(Stored data entries)
== Segment start ==
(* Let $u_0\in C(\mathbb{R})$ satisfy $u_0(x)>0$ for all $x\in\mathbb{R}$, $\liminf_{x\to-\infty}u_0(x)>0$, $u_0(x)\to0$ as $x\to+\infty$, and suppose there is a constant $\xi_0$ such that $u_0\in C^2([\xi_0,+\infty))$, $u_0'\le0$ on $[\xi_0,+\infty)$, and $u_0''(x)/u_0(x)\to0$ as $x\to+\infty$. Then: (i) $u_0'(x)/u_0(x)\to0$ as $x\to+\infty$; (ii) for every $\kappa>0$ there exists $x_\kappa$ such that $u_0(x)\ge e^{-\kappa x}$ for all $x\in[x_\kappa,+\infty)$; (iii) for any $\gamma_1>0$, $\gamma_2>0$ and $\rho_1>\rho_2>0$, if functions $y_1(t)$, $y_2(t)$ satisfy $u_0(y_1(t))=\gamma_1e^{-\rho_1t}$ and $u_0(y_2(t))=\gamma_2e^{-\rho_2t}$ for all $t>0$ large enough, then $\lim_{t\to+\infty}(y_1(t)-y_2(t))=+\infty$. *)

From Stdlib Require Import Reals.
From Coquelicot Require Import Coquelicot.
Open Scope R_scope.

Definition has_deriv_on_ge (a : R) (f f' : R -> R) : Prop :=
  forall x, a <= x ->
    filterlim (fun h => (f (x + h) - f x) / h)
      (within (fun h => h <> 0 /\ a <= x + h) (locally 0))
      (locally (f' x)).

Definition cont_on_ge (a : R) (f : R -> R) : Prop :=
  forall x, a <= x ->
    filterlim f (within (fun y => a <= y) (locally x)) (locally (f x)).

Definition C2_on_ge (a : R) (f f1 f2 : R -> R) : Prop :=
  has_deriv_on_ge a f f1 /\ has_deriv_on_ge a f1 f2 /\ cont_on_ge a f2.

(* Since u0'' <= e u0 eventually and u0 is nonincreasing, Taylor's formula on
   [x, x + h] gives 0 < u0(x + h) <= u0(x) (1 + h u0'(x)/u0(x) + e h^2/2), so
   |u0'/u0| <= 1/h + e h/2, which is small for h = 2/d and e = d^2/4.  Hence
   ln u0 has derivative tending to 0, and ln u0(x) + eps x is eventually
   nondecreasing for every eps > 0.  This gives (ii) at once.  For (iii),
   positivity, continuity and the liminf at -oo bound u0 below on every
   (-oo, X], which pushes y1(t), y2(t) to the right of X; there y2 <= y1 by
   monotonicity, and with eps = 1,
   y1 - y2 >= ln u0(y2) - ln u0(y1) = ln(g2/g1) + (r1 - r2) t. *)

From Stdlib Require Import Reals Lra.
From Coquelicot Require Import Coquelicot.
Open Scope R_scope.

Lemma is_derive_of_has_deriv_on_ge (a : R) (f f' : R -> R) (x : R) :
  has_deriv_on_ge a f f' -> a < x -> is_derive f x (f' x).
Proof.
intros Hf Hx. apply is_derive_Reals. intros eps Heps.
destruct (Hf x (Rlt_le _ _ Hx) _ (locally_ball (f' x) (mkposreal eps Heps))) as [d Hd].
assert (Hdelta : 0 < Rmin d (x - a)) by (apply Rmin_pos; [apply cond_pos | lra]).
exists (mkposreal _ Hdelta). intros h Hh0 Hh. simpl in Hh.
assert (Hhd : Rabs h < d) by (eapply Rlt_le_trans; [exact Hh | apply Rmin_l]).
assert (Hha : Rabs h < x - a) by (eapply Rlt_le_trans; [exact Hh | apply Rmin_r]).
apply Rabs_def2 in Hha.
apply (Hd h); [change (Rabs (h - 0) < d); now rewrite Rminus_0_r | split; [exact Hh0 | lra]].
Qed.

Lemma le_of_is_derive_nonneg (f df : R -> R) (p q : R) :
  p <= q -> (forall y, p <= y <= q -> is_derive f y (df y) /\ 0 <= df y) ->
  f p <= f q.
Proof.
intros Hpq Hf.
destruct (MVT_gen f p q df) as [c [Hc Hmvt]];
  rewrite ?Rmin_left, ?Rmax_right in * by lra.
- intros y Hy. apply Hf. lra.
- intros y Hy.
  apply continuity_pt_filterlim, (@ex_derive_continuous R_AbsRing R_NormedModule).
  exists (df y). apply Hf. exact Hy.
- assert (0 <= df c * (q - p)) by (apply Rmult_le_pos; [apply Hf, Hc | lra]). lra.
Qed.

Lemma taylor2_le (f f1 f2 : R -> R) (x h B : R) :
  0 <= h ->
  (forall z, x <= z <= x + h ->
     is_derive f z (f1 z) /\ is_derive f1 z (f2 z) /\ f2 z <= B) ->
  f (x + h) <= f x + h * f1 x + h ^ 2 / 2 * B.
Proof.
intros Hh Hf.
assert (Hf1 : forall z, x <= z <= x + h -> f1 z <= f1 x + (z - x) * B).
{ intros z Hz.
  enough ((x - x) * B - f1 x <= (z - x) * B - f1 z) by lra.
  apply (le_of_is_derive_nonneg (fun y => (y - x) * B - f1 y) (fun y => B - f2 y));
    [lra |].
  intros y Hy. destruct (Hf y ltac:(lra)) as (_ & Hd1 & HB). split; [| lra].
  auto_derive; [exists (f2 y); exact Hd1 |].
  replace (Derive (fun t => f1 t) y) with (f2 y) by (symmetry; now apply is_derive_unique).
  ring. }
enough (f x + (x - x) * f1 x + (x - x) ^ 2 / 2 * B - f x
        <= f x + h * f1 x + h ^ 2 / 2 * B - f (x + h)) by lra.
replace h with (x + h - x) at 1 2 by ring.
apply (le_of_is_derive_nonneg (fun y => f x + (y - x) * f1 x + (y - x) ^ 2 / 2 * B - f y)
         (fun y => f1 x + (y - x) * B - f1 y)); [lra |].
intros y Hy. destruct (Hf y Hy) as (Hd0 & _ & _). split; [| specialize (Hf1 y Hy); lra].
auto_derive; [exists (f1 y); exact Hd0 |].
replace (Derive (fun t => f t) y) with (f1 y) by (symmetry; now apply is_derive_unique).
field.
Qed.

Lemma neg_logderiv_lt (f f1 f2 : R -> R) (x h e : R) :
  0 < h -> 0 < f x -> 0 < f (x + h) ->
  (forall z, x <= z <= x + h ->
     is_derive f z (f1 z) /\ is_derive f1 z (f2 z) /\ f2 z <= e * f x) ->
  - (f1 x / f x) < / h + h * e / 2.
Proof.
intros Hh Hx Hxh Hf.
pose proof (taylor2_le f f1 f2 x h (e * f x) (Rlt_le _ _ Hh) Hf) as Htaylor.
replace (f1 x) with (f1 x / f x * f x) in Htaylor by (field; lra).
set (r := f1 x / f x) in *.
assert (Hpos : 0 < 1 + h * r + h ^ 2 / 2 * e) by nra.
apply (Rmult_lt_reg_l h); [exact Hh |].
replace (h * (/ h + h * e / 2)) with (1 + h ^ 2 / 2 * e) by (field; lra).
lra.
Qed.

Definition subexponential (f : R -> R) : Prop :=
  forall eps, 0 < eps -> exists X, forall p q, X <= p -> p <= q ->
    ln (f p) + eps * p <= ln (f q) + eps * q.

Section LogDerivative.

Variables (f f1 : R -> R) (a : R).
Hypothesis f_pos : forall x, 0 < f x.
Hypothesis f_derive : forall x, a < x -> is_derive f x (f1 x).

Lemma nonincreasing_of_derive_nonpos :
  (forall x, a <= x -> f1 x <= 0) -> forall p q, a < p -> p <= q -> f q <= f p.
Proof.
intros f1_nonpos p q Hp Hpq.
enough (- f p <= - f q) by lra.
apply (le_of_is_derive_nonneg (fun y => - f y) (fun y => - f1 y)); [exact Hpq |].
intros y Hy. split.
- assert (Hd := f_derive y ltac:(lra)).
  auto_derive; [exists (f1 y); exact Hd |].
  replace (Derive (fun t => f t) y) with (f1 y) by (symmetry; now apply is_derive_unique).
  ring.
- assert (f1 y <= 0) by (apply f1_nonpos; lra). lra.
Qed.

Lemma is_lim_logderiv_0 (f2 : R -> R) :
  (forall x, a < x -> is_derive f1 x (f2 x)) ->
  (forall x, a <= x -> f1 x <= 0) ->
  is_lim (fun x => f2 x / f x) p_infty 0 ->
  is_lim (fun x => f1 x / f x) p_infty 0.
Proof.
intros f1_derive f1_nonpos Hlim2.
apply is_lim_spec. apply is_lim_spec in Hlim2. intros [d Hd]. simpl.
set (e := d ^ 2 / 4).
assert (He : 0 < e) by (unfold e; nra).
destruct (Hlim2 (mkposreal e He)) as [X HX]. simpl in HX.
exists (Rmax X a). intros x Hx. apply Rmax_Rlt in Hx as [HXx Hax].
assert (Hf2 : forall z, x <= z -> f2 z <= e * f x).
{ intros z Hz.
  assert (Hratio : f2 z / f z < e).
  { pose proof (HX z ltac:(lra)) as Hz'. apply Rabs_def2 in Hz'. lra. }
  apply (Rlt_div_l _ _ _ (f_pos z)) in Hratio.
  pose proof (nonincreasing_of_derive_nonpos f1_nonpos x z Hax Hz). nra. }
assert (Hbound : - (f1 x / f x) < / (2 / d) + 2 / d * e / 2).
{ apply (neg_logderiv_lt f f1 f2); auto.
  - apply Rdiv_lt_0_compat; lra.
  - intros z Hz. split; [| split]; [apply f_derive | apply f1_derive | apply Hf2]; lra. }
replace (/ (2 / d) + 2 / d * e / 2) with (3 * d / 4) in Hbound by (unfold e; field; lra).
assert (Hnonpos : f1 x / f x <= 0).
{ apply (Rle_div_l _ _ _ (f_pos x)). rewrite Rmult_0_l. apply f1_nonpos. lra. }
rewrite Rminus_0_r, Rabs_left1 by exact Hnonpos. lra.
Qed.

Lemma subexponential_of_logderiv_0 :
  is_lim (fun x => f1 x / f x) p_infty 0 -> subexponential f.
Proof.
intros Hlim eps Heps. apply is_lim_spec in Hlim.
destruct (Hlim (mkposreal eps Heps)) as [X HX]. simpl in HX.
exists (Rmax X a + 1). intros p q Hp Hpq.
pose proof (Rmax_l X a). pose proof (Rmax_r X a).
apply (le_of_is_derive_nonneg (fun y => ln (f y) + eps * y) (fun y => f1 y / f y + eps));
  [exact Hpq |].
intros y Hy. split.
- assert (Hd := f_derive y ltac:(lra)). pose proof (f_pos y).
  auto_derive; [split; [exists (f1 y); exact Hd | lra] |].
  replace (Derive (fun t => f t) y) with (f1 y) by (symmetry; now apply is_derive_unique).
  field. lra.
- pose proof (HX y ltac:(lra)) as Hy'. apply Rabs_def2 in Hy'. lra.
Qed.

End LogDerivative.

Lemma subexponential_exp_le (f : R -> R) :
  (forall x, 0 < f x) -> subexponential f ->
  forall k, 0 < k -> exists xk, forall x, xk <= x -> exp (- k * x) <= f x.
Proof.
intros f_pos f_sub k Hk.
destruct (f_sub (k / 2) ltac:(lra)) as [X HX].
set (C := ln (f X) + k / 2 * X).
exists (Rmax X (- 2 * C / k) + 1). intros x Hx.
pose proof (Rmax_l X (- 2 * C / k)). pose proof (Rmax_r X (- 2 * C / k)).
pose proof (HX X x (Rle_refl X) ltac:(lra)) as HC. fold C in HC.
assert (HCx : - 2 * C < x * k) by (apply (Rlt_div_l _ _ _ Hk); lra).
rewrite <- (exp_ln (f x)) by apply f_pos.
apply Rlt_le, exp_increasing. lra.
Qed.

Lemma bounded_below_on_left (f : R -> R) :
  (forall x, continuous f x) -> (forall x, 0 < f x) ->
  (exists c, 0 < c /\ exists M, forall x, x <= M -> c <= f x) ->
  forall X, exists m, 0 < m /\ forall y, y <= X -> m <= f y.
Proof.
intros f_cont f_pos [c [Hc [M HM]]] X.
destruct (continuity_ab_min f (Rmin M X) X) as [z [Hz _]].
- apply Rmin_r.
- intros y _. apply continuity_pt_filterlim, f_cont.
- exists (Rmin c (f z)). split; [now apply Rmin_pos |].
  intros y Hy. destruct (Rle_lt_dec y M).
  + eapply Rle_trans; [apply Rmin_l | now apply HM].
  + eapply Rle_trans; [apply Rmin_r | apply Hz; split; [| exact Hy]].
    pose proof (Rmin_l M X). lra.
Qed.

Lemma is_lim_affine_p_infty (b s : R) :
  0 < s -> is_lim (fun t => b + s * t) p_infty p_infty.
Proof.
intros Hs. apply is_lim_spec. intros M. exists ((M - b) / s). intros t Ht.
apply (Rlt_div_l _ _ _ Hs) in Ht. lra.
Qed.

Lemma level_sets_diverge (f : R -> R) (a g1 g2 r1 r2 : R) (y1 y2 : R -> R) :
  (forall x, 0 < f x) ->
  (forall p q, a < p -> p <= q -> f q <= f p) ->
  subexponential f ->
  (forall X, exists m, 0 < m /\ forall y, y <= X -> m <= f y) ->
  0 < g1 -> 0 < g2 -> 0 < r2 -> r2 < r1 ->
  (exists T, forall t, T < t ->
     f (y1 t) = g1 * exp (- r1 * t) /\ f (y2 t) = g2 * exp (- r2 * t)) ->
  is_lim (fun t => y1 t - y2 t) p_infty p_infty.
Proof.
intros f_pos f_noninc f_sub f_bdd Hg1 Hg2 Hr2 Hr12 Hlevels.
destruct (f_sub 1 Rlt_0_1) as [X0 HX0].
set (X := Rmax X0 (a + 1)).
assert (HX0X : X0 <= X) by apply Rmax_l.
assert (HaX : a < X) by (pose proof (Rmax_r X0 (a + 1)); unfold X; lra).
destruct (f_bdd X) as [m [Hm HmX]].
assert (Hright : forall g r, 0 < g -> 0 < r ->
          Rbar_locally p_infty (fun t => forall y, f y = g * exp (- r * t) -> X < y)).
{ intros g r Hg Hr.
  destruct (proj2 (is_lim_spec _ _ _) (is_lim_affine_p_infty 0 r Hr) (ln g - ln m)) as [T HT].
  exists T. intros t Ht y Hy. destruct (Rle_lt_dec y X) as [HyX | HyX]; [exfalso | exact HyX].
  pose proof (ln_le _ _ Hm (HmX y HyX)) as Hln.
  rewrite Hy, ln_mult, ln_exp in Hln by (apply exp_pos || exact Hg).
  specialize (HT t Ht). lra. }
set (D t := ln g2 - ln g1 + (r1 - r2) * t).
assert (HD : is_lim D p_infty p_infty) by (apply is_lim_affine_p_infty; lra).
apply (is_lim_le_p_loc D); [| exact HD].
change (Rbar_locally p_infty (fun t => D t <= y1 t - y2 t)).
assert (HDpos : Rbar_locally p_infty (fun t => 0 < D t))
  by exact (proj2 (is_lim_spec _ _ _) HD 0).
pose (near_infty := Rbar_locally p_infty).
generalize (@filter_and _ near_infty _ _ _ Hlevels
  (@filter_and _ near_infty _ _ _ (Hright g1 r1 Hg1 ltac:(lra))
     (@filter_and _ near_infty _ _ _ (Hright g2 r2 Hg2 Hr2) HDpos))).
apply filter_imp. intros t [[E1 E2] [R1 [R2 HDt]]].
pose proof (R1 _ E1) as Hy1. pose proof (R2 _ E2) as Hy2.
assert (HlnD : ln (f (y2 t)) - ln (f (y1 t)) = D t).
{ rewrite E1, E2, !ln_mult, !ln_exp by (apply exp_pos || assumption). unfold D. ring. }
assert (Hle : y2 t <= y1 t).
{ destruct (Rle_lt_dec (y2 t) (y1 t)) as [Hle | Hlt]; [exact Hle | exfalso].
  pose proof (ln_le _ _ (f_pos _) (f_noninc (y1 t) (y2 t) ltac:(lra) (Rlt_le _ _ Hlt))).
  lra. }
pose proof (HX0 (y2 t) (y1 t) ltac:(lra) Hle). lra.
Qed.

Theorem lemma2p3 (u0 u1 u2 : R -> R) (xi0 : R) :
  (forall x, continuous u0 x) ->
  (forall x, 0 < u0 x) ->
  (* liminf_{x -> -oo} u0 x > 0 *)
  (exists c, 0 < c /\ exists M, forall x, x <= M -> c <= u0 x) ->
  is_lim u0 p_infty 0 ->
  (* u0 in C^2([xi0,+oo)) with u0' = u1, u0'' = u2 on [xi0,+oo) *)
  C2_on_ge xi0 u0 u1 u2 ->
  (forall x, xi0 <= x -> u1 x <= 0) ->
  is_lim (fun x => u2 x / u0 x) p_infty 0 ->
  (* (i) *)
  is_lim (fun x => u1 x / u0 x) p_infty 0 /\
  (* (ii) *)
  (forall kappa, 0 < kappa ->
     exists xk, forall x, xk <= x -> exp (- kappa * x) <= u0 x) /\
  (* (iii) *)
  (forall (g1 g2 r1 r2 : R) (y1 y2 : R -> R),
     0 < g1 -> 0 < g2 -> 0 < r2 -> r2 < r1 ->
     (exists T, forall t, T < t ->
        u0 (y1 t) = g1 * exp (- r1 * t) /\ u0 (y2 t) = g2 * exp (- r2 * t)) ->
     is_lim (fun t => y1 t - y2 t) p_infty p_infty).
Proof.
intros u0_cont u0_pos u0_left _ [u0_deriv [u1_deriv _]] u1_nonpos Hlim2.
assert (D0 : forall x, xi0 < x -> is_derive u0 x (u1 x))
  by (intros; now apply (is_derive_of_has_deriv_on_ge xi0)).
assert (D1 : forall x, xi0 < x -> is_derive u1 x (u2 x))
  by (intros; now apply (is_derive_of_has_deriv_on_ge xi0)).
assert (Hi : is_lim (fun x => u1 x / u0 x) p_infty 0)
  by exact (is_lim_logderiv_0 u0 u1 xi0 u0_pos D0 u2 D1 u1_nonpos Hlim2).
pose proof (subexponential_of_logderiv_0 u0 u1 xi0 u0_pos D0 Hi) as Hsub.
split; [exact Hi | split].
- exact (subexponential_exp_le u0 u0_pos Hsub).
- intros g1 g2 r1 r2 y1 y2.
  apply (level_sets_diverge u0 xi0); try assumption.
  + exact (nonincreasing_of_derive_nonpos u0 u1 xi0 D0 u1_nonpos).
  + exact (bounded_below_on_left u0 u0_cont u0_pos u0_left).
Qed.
== Segment end ==
• [WORK TO BE COMPLETED]: Repeat exactly the lines above from the one with "exists xk, forall x, xk <= x -> exp (- kappa" up to and including the one with "assert (D0 : forall". No other line belongs in the reply.

• [RESPONSE TO THIS TASK]:
     exists xk, forall x, xk <= x -> exp (- kappa * x) <= u0 x) /\
  (* (iii) *)
  (forall (g1 g2 r1 r2 : R) (y1 y2 : R -> R),
     0 < g1 -> 0 < g2 -> 0 < r2 -> r2 < r1 ->
     (exists T, forall t, T < t ->
        u0 (y1 t) = g1 * exp (- r1 * t) /\ u0 (y2 t) = g2 * exp (- r2 * t)) ->
     is_lim (fun t => y1 t - y2 t) p_infty p_infty).
Proof.
intros u0_cont u0_pos u0_left _ [u0_deriv [u1_deriv _]] u1_nonpos Hlim2.
assert (D0 : forall x, xi0 < x -> is_derive u0 x (u1 x))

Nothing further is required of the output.